Best way to clean up all stale actors?

I am setting up an integration test. As the very first step of this integration test, I would like to clean up all the stale actors (from previous runs) so that I can start everything fresh.

I tried to use get all the handlers, then ray.kill() them (following the doc here: Using Actors — Ray v2.0.0.dev0). But that requires listing out all the possible actors, plus if any of the actorName does not exist, then there goes “Failed to look up actor with name” exception.

What I am looking for is probably something like a “ray.killall()” I think. Any suggestions? Thanks a lot.
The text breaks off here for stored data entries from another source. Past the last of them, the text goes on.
(* Let $R$ be a commutative Noetherian ring of prime characteristic $p$ and $G$ an $x$-torsion-free left $R[x,f]$-module. Let $\mathfrak{p}$ be a maximal member of $\mathcal{I}(G)\setminus\{R\}$ with respect to inclusion, and let $L=\operatorname{ann}_G(\bigoplus_{n\ge0}\mathfrak{p}x^n)$ be the corresponding special annihilator submodule of $G$ (a minimal non-zero special annihilator submodule). Then $\mathfrak{p}$ is prime, and every non-zero $g\in L$ satisfies $\operatorname{grann}_{R[x,f]}R[x,f]g=\mathfrak{p}R[x,f]$.
   Context: $R[x,f]$ is the Frobenius skew polynomial ring: free left $R$-module on $(x^i)_{i\ge0}$, $xr=r^px$; $\mathfrak{p}R[x,f]=\bigoplus_n\mathfrak{p}x^n$. $x$-torsion-free: $xg=0\Rightarrow g=0$. $\operatorname{ann}_G\mathfrak{B}$ is the set of elements of $G$ killed by $\mathfrak{B}$; special annihilator submodules are of this form for graded two-sided ideals $\mathfrak{B}$. $\operatorname{grann}N$ is the set of $\sum r_ix^i$ with each $r_ix^i$ annihilating $N$. $\mathcal{I}(G)$ is the set of ideals $\mathfrak{b}$ with $\operatorname{grann}N=\bigoplus_n\mathfrak{b}x^n$ for some $R[x,f]$-submodule $N$ of $G$. *)

From HB Require Import structures.
From mathcomp Require Import all_boot all_order all_algebra.
Set Implicit Arguments. Unset Strict Implicit. Unset Printing Implicit Defensive.
Import GRing.Theory.
Local Open Scope ring_scope.

Definition is_ideal (R : comNzRingType) (I : R -> Prop) : Prop :=
  [/\ I 0, (forall a b, I a -> I b -> I (a - b)) & (forall r a, I a -> I (r * a))].

Definition same_set (T : Type) (A B : T -> Prop) : Prop := forall t, A t <-> B t.
Definition sub_set (T : Type) (A B : T -> Prop) : Prop := forall t, A t -> B t.

Definition proper_ideal (R : comNzRingType) (I : R -> Prop) : Prop :=
  is_ideal I /\ ~ I 1.

Definition prime_ideal (R : comNzRingType) (I : R -> Prop) : Prop :=
  proper_ideal I /\ (forall a b, I (a * b) -> I a \/ I b).

Definition noetherian (R : comNzRingType) : Prop :=
  forall I : nat -> R -> Prop,
    (forall n, is_ideal (I n)) ->
    (forall n, sub_set (I n) (I n.+1)) ->
    exists N, forall n, (N <= n)%N -> same_set (I n) (I N).

(* A left R[x,f]-module (f the Frobenius r |-> r^p) is an R-module G
   together with an additive map xm : G -> G (the action of x) with
   x (r g) = r^p (x g), i.e. the relation x r = r^p x of R[x,f]. *)
Definition frob_module (R : comNzRingType) (p : nat) (G : lmodType R)
    (xm : G -> G) : Prop :=
  (forall g h, xm (g + h) = xm g + xm h) /\
  (forall (r : R) g, xm (r *: g) = r ^+ p *: xm g).

(* Elements of R[x,f] are represented by their coefficient sequences
   sum_i s_i x^i, i.e. by s : {poly R} (only as a left R-module; the
   multiplication of R[x,f] is not needed). Action of s on g: *)
Definition skew_act (R : comNzRingType) (G : lmodType R) (xm : G -> G)
    (s : {poly R}) (g : G) : G :=
  \sum_(i < size s) s`_i *: iter i xm g.

Definition x_torsion_free (R : comNzRingType) (G : lmodType R) (xm : G -> G) :=
  forall g, xm g = 0 -> g = 0.

Definition is_submodule (R : comNzRingType) (G : lmodType R) (xm : G -> G)
    (N : G -> Prop) : Prop :=
  [/\ N 0, (forall g h, N g -> N h -> N (g + h)),
      (forall (r : R) g, N g -> N (r *: g)) & (forall g, N g -> N (xm g))].

(* b R[x,f] = (+)_n b x^n, as a subset of R[x,f]. *)
Definition graded_ext (R : comNzRingType) (b : R -> Prop) : {poly R} -> Prop :=
  fun s => forall i, b s`_i.

Definition grann (R : comNzRingType) (G : lmodType R) (xm : G -> G)
    (N : G -> Prop) : {poly R} -> Prop :=
  fun s => forall i g, N g -> s`_i *: iter i xm g = 0.

Definition annG (R : comNzRingType) (G : lmodType R) (xm : G -> G)
    (B : {poly R} -> Prop) : G -> Prop :=
  fun g => forall s, B s -> skew_act xm s g = 0.

Definition cyclic_sub (R : comNzRingType) (G : lmodType R) (xm : G -> G)
    (g : G) : G -> Prop :=
  fun h => exists s : {poly R}, h = skew_act xm s g.

Definition IG (R : comNzRingType) (G : lmodType R) (xm : G -> G)
    (b : R -> Prop) : Prop :=
  is_ideal b /\
  exists N : G -> Prop, is_submodule xm N /\ same_set (grann xm N) (graded_ext b).

(* In an x-torsion-free module, r x^i kills a submodule N iff r kills N: from
   r x g = 0 we get x (r g) = r^(p-1) (r x g) = 0, hence r g = 0.  So
   grann N = (ann_R N) R[x,f], and the members of I(G) are exactly the
   R-annihilators of submodules.  If P = ann_R N is maximal among the proper
   ones and ab is in P but a is not, then aN is a submodule whose annihilator
   is proper and contains P and b, hence equals P.  Likewise, for a non-zero g
   in ann_G (P R[x,f]) the annihilator of R[x,f] g is proper and contains P. *)
From mathcomp Require Import all_boot all_order all_algebra.
From Stdlib Require Import Classical.
Set Implicit Arguments. Unset Strict Implicit. Unset Printing Implicit Defensive.
Import GRing.Theory.
Local Open Scope ring_scope.

Section Annihilator.

Variables (R : comNzRingType) (G : lmodType R).

Definition annR (N : G -> Prop) : R -> Prop :=
  fun r => forall h, N h -> r *: h = 0.

Definition scale_set (a : R) (N : G -> Prop) : G -> Prop :=
  fun h => exists2 k, N k & h = a *: k.

Lemma annR_ideal (N : G -> Prop) : is_ideal (annR N).
Proof.
split.
- by move=> h _; rewrite scale0r.
- by move=> a b Ha Hb h Nh; rewrite scalerBl Ha // Hb // subrr.
- by move=> r a Ha h Nh; rewrite -scalerA Ha // scaler0.
Qed.

Lemma annR_scale_set (a b : R) (N : G -> Prop) :
  annR (scale_set a N) b <-> annR N (b * a).
Proof.
split=> [Hb k Nk | Hba _ [k Nk ->]]; rewrite ?scalerA.
- by rewrite -scalerA; apply: Hb; exists k.
- exact: Hba.
Qed.

End Annihilator.

Lemma graded_ext_inj (R : comNzRingType) (b c : R -> Prop) :
  b 0 -> c 0 -> same_set (graded_ext b) (graded_ext c) -> same_set b c.
Proof.
have graded_C (d : R -> Prop) r : d 0 -> d r -> graded_ext d r%:P.
  by move=> d0 dr i; rewrite coefC; case: eqP.
move=> b0 c0 E r; split=> H.
- by have /E /(_ 0%N) := graded_C _ _ b0 H; rewrite coefC.
- by have /E /(_ 0%N) := graded_C _ _ c0 H; rewrite coefC.
Qed.

Lemma graded_ext_same (R : comNzRingType) (b c : R -> Prop) :
  same_set b c -> same_set (graded_ext b) (graded_ext c).
Proof. by move=> E s; split=> H i; apply/E. Qed.

Section SkewAction.

Variables (R : comNzRingType) (G : lmodType R) (xm : G -> G).

Lemma skew_act_widen (s : {poly R}) (g : G) n :
  (size s <= n)%N -> skew_act xm s g = \sum_(i < n) s`_i *: iter i xm g.
Proof.
move=> Hn; rewrite /skew_act (big_ord_widen n (fun i => s`_i *: iter i xm g) Hn).
rewrite [RHS](bigID (fun i : 'I_n => (i < size s)%N)) /= [X in _ = _ + X]big1 ?addr0 //.
by move=> i; rewrite -leqNgt => Hi; rewrite nth_default // scale0r.
Qed.

Lemma skew_actD (s t : {poly R}) (g : G) :
  skew_act xm (s + t) g = skew_act xm s g + skew_act xm t g.
Proof.
pose n := maxn (size s) (size t).
rewrite !(skew_act_widen _ _ (n := n)) ?leq_maxl ?leq_maxr ?(leq_trans (size_polyD _ _)) //.
by rewrite -big_split; apply: eq_bigr => i _; rewrite coefD scalerDl.
Qed.

Lemma skew_actZ (r : R) (s : {poly R}) (g : G) :
  skew_act xm (r *: s) g = r *: skew_act xm s g.
Proof.
rewrite (skew_act_widen _ _ (n := size s)) ?size_scale_leq // /skew_act scaler_sumr.
by apply: eq_bigr => i _; rewrite coefZ scalerA.
Qed.

Lemma cyclic_sub_self (g : G) : cyclic_sub xm g g.
Proof. by exists 1; rewrite /skew_act size_poly1 big_ord1 coefC scale1r. Qed.

Lemma iter_submodule (N : G -> Prop) i h :
  is_submodule xm N -> N h -> N (iter i xm h).
Proof. by case=> _ _ _ Nx Nh; elim: i => //= i IH; apply: Nx. Qed.

End SkewAction.

Section FrobeniusModule.

Variables (R : comNzRingType) (p : nat) (G : lmodType R) (xm : G -> G).
Hypotheses (frob : frob_module p xm) (p_gt0 : (0 < p)%N).

Lemma frob_sum n (F : 'I_n -> G) : xm (\sum_(i < n) F i) = \sum_(i < n) xm (F i).
Proof.
have [xmD _] := frob.
have xm0 : xm 0 = 0 by apply: (addrI (xm 0)); rewrite -xmD !addr0.
exact: (big_morph xm xmD xm0).
Qed.

(* Left multiplication by x in R[x,f]: x (sum s_i x^i) = sum s_i^p x^(i+1). *)
Definition skew_mulX (s : {poly R}) : {poly R} :=
  \poly_(i < (size s).+1) (if i is j.+1 then s`_j ^+ p else 0).

Lemma skew_act_mulX (s : {poly R}) (g : G) :
  skew_act xm (skew_mulX s) g = xm (skew_act xm s g).
Proof.
rewrite (skew_act_widen _ _ (n := (size s).+1)) ?size_poly //.
rewrite big_ord_recl coef_poly /= scale0r add0r /skew_act frob_sum.
apply: eq_bigr => i _; rewrite coef_poly /bump /= ltnS ltn_ord.
by case: frob => _ ->.
Qed.

Lemma cyclic_sub_submodule (g : G) : is_submodule xm (cyclic_sub xm g).
Proof.
split.
- by exists 0; rewrite /skew_act size_poly0 big_ord0.
- by move=> _ _ [s ->] [t ->]; exists (s + t); rewrite skew_actD.
- by move=> r _ [s ->]; exists (r *: s); rewrite skew_actZ.
- by move=> _ [s ->]; exists (skew_mulX s); rewrite skew_act_mulX.
Qed.

Lemma scale_set_submodule (a : R) (N : G -> Prop) :
  is_submodule xm N -> is_submodule xm (scale_set a N).
Proof.
case=> N0 ND NZ NX; split.
- by exists 0; rewrite ?scaler0.
- by move=> _ _ [k Nk ->] [l Nl ->]; exists (k + l); [apply: ND | rewrite scalerDr].
- by move=> r _ [k Nk ->]; exists (r *: k); [apply: NZ | rewrite !scalerA mulrC].
- move=> _ [k Nk ->]; exists (a ^+ p.-1 *: xm k); first exact/NZ/NX.
  by case: frob => _ ->; rewrite scalerA -exprS prednK.
Qed.

Section MaximalAnnihilator.

Variables (P : R -> Prop) (N : G -> Prop).
Hypotheses (subN : is_submodule xm N) (PN : same_set P (annR N)) (P1 : ~ P 1).
Hypothesis maxP : forall M, is_submodule xm M -> ~ annR M 1 ->
  sub_set P (annR M) -> same_set (annR M) P.

Let P_ideal : is_ideal P.
Proof.
have [N0 NB NM] := annR_ideal N.
by split=> [|a b|r a]; rewrite ?PN //; [apply: NB | apply: NM].
Qed.

Lemma max_annR_prime : prime_ideal P.
Proof.
split=> [|a b Pab]; first by split; [exact: P_ideal |].
have [Pa | nPa] := classic (P a); [by left | right].
have [_ _ PM] := P_ideal.
have nann1 : ~ annR (scale_set a N) 1.
  by move/annR_scale_set; rewrite mul1r => /PN.
have Psub : sub_set P (annR (scale_set a N)).
  by move=> r Pr; apply/annR_scale_set/PN; rewrite mulrC; apply: PM.
apply/(maxP (scale_set_submodule a subN) nann1 Psub)/annR_scale_set/PN.
by rewrite mulrC.
Qed.

Lemma max_annR_cyclic (g : G) :
  annG xm (graded_ext P) g -> g <> 0 -> same_set (annR (cyclic_sub xm g)) P.
Proof.
move=> Pg g0; have [_ _ PM] := P_ideal.
apply: maxP (cyclic_sub_submodule g) _ _ => [H1 | r Pr _ [s ->]].
- by apply: g0; rewrite -[g]scale1r; apply/H1/cyclic_sub_self.
- by rewrite -skew_actZ; apply: Pg => i; rewrite coefZ mulrC; apply: PM.
Qed.

End MaximalAnnihilator.

Hypothesis torsion_free : x_torsion_free xm.

Lemma scale_iter_eq0 (r : R) i (g : G) : r *: iter i xm g = 0 -> r *: g = 0.
Proof.
elim: i g => [//|i IH] g; rewrite iterSr => /IH rxg0; apply: torsion_free.
by case: frob => _ ->; rewrite -(prednK p_gt0) exprS mulrC -scalerA rxg0 scaler0.
Qed.

Lemma grann_annR (N : G -> Prop) :
  is_submodule xm N -> same_set (grann xm N) (graded_ext (annR N)).
Proof.
move=> subN s; split=> Hs i h Nh.
- exact: (scale_iter_eq0 (Hs i h Nh)).
- by apply: Hs; apply: iter_submodule.
Qed.

Lemma IG_annR (N : G -> Prop) : is_submodule xm N -> IG xm (annR N).
Proof. by move=> subN; split; [exact: annR_ideal | exists N; split; last exact: grann_annR]. Qed.

Lemma IG_annRP (b : R -> Prop) :
  IG xm b -> exists2 N, is_submodule xm N & same_set b (annR N).
Proof.
move=> [[b0 _ _] [N [subN grannN]]]; exists N => //.
apply: graded_ext_inj => //; first by case: (annR_ideal N).
by move=> s; rewrite -grannN; apply: grann_annR.
Qed.

End FrobeniusModule.

Theorem lemma3p8 (R : comNzRingType) (p : nat) (G : lmodType R) (xm : G -> G)
  (P : R -> Prop) :
  noetherian R ->
  prime p -> (p%:R : R) = 0 ->
  frob_module p xm ->
  x_torsion_free xm ->
  IG xm P -> ~ P 1 ->
  (forall b : R -> Prop, IG xm b -> ~ b 1 -> sub_set P b -> same_set b P) ->
  prime_ideal P /\
  (forall g : G, annG xm (graded_ext P) g -> g <> 0 ->
     same_set (grann xm (cyclic_sub xm g)) (graded_ext P)).
Proof.
move=> _ /prime_gt0 p_gt0 _ frob tf IGP P1 maxP.
have [N subN PN] := IG_annRP frob p_gt0 tf IGP.
have max_annR M : is_submodule xm M -> ~ annR M 1 -> sub_set P (annR M) -> same_set (annR M) P.
  by move=> subM; apply/maxP/(IG_annR frob p_gt0 tf subM).
split; first exact: (max_annR_prime frob p_gt0 subN PN P1 max_annR).
move=> g Pg g0 s; have := grann_annR frob p_gt0 tf (cyclic_sub_submodule frob g) s.
have := graded_ext_same (max_annR_cyclic frob PN max_annR Pg g0) s.
tauto.
Qed.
Usually I would run ray.shutdown() to just reset the entire setup. Would that work for you in your use case?

Thanks Richard!

I tried out shutdown() a bit and also skimmed through this page: ray/starting-ray.rst at 35ec91c4e04c67adc7123aa8461cf50923a316b4 · ray-project/ray · GitHub

So far it does not serve my use case well: I used ray.shutdown() at the beginning before init(), but then I still ran into the issue of “ValueError: The name Gserver is already taken”, b/c the stale processes are still there. What did I miss?

Also, according to the inline comments here (ray/worker.py at 9a93dd9682a216d2028db8edb60ff1485f653721 · ray-project/ray · GitHub), shutdown() happens automatically when a python instance finishes. if that is the case then why do we want to explicitly call it?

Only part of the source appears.